INSTRUCTIONS FOR THE TASK
Below are some records. Return exactly the lines from the one containing "Definition phi (a" through the one containing "[0, C_a], and", both included, and only those.

■ ■ ■ ■ ■

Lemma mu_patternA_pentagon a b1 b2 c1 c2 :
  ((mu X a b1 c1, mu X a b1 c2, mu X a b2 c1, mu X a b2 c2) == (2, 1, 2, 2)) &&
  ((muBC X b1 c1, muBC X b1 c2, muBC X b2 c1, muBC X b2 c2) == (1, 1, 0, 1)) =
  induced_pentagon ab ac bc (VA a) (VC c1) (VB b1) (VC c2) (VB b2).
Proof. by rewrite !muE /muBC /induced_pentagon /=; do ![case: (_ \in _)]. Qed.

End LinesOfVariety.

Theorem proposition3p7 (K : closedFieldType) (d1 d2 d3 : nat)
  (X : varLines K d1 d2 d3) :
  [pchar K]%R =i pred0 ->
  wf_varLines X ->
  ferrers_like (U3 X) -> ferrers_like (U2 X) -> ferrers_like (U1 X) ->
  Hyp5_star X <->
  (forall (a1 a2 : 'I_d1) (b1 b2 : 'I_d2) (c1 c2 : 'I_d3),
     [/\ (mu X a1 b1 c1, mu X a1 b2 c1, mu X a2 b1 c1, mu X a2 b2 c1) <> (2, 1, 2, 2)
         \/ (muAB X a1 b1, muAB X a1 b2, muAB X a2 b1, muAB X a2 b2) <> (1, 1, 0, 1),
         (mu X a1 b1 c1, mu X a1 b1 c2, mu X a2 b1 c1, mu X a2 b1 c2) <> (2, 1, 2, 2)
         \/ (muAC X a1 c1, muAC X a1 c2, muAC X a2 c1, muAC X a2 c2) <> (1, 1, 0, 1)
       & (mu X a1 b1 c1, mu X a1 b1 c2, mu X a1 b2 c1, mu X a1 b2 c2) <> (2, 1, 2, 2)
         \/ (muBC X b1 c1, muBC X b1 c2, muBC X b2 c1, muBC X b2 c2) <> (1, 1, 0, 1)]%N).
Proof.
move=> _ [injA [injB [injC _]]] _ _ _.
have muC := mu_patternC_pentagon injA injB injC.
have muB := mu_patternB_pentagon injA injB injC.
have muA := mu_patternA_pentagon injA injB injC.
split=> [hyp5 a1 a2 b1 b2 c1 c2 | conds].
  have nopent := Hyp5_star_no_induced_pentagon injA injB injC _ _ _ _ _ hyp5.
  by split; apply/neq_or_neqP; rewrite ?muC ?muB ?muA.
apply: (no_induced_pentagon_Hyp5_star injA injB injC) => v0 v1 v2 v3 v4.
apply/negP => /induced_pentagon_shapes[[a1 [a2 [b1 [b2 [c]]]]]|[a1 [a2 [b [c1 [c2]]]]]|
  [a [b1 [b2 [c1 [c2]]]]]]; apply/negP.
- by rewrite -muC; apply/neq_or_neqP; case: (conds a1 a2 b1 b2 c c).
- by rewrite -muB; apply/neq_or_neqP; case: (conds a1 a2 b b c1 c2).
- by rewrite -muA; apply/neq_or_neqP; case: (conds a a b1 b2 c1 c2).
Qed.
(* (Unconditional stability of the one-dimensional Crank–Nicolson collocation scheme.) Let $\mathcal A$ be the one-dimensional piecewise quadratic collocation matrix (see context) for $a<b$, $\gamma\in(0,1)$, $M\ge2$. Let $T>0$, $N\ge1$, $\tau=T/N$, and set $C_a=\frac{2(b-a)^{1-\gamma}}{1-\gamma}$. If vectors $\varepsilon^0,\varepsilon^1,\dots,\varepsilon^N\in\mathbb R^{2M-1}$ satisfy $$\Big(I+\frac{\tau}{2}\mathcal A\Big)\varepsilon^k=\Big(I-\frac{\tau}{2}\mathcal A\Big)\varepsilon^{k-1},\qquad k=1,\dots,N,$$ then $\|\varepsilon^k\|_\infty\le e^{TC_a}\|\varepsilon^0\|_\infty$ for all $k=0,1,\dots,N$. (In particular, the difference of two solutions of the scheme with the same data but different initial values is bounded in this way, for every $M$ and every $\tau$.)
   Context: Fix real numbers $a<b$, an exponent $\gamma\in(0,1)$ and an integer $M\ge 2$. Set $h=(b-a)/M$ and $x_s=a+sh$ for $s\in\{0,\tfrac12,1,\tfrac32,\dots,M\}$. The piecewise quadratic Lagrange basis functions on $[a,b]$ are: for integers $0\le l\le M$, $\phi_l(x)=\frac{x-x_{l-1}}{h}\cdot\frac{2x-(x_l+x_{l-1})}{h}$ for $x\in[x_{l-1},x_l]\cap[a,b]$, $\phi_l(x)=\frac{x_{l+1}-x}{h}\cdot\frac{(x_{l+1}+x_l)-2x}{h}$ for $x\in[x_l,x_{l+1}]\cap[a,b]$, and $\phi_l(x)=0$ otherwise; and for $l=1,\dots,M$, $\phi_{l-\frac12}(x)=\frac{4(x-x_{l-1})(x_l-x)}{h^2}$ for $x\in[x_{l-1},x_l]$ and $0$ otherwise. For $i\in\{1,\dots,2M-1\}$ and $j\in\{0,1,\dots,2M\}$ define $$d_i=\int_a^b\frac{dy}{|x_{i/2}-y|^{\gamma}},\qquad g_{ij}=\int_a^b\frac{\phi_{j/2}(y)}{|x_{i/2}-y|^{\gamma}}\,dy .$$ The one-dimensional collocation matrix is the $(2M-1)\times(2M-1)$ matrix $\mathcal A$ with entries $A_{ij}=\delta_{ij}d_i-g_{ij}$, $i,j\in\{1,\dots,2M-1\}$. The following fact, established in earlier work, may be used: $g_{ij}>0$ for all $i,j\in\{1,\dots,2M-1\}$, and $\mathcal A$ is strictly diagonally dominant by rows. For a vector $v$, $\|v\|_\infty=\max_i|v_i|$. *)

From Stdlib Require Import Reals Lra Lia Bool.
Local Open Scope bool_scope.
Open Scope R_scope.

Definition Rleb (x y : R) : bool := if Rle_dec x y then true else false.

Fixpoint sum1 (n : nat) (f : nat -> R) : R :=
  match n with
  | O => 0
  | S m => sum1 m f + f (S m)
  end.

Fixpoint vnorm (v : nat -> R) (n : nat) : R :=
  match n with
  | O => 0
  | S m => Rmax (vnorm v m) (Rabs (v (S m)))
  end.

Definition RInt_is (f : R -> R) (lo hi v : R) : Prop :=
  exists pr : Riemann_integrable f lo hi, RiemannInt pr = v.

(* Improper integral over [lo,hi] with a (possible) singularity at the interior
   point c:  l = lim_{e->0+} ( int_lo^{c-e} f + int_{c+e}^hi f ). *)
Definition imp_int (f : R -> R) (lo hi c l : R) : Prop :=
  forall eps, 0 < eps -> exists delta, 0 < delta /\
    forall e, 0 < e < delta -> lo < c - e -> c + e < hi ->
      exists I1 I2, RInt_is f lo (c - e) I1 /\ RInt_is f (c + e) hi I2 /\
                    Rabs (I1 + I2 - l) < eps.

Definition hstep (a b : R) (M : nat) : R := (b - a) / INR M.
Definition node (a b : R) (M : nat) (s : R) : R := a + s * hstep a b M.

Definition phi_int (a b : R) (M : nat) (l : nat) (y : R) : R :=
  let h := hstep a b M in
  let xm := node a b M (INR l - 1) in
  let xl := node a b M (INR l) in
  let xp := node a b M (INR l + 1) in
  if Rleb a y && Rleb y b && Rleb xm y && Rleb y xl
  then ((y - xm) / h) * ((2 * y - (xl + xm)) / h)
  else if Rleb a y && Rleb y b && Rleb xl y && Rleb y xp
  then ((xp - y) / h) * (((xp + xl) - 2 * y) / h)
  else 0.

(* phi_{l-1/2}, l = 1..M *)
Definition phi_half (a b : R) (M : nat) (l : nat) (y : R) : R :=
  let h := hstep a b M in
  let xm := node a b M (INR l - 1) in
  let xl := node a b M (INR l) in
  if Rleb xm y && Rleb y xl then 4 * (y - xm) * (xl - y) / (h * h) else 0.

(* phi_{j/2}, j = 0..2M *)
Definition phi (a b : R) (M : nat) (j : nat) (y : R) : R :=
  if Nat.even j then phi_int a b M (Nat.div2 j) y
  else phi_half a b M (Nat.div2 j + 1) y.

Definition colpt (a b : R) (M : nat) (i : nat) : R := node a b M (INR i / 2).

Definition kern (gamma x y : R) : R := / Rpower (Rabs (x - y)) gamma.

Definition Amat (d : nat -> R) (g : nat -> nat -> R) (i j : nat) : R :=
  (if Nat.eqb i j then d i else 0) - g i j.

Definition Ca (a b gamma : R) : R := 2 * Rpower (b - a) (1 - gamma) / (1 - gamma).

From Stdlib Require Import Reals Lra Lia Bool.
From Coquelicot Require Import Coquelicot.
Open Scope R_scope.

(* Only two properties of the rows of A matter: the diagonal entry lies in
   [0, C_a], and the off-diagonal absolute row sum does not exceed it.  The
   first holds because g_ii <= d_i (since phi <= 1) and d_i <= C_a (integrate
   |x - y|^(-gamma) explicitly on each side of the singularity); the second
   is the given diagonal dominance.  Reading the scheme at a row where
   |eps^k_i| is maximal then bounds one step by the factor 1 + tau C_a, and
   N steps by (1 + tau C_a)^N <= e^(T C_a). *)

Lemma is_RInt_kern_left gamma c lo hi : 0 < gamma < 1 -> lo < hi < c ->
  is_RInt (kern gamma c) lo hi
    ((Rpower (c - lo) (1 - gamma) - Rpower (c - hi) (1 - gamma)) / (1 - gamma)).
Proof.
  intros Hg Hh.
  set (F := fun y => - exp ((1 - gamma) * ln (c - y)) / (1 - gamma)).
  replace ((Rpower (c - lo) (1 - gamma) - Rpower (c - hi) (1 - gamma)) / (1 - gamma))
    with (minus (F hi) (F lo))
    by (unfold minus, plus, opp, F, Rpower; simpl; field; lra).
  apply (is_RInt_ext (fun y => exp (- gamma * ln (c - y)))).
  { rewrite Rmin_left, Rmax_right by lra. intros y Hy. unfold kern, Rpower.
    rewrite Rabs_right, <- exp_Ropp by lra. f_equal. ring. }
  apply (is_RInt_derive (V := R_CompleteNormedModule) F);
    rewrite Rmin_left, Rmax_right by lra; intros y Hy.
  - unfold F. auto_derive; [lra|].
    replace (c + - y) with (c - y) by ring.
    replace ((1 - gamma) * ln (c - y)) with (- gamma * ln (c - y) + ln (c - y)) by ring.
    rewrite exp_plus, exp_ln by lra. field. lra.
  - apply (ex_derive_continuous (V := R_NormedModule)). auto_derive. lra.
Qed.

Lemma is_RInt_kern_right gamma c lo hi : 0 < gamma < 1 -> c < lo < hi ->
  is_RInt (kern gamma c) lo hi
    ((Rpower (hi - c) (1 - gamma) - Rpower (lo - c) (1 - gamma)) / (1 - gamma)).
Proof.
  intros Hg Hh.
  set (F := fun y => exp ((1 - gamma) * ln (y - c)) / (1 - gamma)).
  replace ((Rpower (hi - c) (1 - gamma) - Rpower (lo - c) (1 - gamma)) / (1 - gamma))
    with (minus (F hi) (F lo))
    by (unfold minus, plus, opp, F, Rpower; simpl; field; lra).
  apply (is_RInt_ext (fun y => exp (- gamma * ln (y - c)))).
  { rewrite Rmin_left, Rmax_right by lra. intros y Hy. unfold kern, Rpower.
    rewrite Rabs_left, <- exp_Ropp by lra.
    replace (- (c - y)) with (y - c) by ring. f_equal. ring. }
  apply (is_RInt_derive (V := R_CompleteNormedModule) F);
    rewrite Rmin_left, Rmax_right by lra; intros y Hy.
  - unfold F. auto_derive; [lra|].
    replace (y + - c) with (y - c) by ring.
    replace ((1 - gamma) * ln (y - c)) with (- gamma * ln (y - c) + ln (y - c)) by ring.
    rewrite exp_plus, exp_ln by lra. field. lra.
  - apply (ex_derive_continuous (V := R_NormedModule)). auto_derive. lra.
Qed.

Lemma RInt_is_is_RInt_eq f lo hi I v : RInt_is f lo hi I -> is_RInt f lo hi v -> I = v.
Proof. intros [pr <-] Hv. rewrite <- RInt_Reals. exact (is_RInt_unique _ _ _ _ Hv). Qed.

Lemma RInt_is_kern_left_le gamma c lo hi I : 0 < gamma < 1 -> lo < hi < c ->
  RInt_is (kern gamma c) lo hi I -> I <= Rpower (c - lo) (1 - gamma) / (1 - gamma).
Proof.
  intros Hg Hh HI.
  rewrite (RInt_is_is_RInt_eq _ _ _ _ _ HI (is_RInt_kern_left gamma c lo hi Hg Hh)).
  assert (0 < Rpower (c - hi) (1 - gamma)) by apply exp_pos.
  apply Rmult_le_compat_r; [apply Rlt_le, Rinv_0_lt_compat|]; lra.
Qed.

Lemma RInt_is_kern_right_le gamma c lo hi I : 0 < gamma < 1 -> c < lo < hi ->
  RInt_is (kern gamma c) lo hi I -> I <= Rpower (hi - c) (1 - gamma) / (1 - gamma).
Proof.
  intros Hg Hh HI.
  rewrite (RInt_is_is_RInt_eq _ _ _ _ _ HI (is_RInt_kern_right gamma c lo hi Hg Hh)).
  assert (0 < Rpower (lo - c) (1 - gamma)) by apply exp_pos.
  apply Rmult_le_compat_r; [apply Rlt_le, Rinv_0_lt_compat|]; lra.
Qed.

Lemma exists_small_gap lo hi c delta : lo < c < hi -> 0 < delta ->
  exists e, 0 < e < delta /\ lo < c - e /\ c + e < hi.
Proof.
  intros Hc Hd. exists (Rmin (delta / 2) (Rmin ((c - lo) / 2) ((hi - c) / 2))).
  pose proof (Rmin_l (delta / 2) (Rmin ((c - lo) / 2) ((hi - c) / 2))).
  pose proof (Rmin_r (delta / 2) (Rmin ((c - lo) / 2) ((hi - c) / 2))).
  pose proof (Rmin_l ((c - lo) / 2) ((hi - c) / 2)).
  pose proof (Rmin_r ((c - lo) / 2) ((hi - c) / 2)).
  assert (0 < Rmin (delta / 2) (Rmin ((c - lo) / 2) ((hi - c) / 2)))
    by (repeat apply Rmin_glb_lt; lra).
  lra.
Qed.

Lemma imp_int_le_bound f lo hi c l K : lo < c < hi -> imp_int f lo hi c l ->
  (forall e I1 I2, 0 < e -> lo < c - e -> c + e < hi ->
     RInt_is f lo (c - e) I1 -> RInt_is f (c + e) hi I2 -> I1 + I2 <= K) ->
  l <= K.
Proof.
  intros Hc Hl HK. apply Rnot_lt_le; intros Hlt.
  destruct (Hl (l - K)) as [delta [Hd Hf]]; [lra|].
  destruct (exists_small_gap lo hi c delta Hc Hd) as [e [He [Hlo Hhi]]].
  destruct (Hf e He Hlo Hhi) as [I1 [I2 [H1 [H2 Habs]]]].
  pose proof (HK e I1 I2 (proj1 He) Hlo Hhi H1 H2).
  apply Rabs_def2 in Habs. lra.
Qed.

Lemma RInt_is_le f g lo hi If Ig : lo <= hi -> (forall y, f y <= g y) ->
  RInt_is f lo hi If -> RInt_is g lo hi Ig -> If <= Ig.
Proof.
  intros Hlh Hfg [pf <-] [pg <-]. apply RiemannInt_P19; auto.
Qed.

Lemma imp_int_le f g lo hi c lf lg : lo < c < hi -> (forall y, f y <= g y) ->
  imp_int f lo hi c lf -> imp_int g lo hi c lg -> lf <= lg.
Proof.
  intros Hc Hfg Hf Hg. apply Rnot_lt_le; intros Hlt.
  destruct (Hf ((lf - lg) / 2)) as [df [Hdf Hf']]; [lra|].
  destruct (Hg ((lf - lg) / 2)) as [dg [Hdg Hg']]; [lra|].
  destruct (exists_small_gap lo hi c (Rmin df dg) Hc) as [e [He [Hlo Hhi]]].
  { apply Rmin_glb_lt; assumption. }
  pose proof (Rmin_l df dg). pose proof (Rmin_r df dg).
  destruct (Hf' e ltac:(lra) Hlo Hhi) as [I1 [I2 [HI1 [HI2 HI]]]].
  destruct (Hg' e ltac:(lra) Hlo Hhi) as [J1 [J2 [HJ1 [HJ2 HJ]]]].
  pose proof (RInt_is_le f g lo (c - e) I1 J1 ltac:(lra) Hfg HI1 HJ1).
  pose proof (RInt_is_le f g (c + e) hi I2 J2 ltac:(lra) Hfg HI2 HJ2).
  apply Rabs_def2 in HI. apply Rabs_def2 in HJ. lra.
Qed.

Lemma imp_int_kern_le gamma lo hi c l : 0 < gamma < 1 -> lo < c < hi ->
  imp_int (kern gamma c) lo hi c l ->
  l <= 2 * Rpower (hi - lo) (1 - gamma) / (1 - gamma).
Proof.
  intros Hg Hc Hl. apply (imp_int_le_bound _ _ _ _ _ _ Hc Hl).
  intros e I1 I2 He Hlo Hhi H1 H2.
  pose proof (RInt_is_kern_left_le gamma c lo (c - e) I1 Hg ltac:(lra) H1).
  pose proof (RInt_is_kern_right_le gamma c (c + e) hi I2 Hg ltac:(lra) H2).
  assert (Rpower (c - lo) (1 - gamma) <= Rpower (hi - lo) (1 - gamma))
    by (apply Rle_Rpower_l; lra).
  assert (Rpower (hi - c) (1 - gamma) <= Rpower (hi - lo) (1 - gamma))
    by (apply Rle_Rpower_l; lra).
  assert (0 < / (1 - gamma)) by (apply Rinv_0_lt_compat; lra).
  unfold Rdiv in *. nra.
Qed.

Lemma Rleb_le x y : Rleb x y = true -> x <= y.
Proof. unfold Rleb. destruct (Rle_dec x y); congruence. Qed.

■ ■ ■ ■ ■

RESPONSE
Definition phi (a b : R) (M : nat) (j : nat) (y : R) : R :=
  if Nat.even j then phi_int a b M (Nat.div2 j) y
  else phi_half a b M (Nat.div2 j + 1) y.

Definition colpt (a b : R) (M : nat) (i : nat) : R := node a b M (INR i / 2).

Definition kern (gamma x y : R) : R := / Rpower (Rabs (x - y)) gamma.

Definition Amat (d : nat -> R) (g : nat -> nat -> R) (i j : nat) : R :=
  (if Nat.eqb i j then d i else 0) - g i j.

Definition Ca (a b gamma : R) : R := 2 * Rpower (b - a) (1 - gamma) / (1 - gamma).

From Stdlib Require Import Reals Lra Lia Bool.
From Coquelicot Require Import Coquelicot.
Open Scope R_scope.

(* Only two properties of the rows of A matter: the diagonal entry lies in
   [0, C_a], and the off-diagonal absolute row sum does not exceed it.  The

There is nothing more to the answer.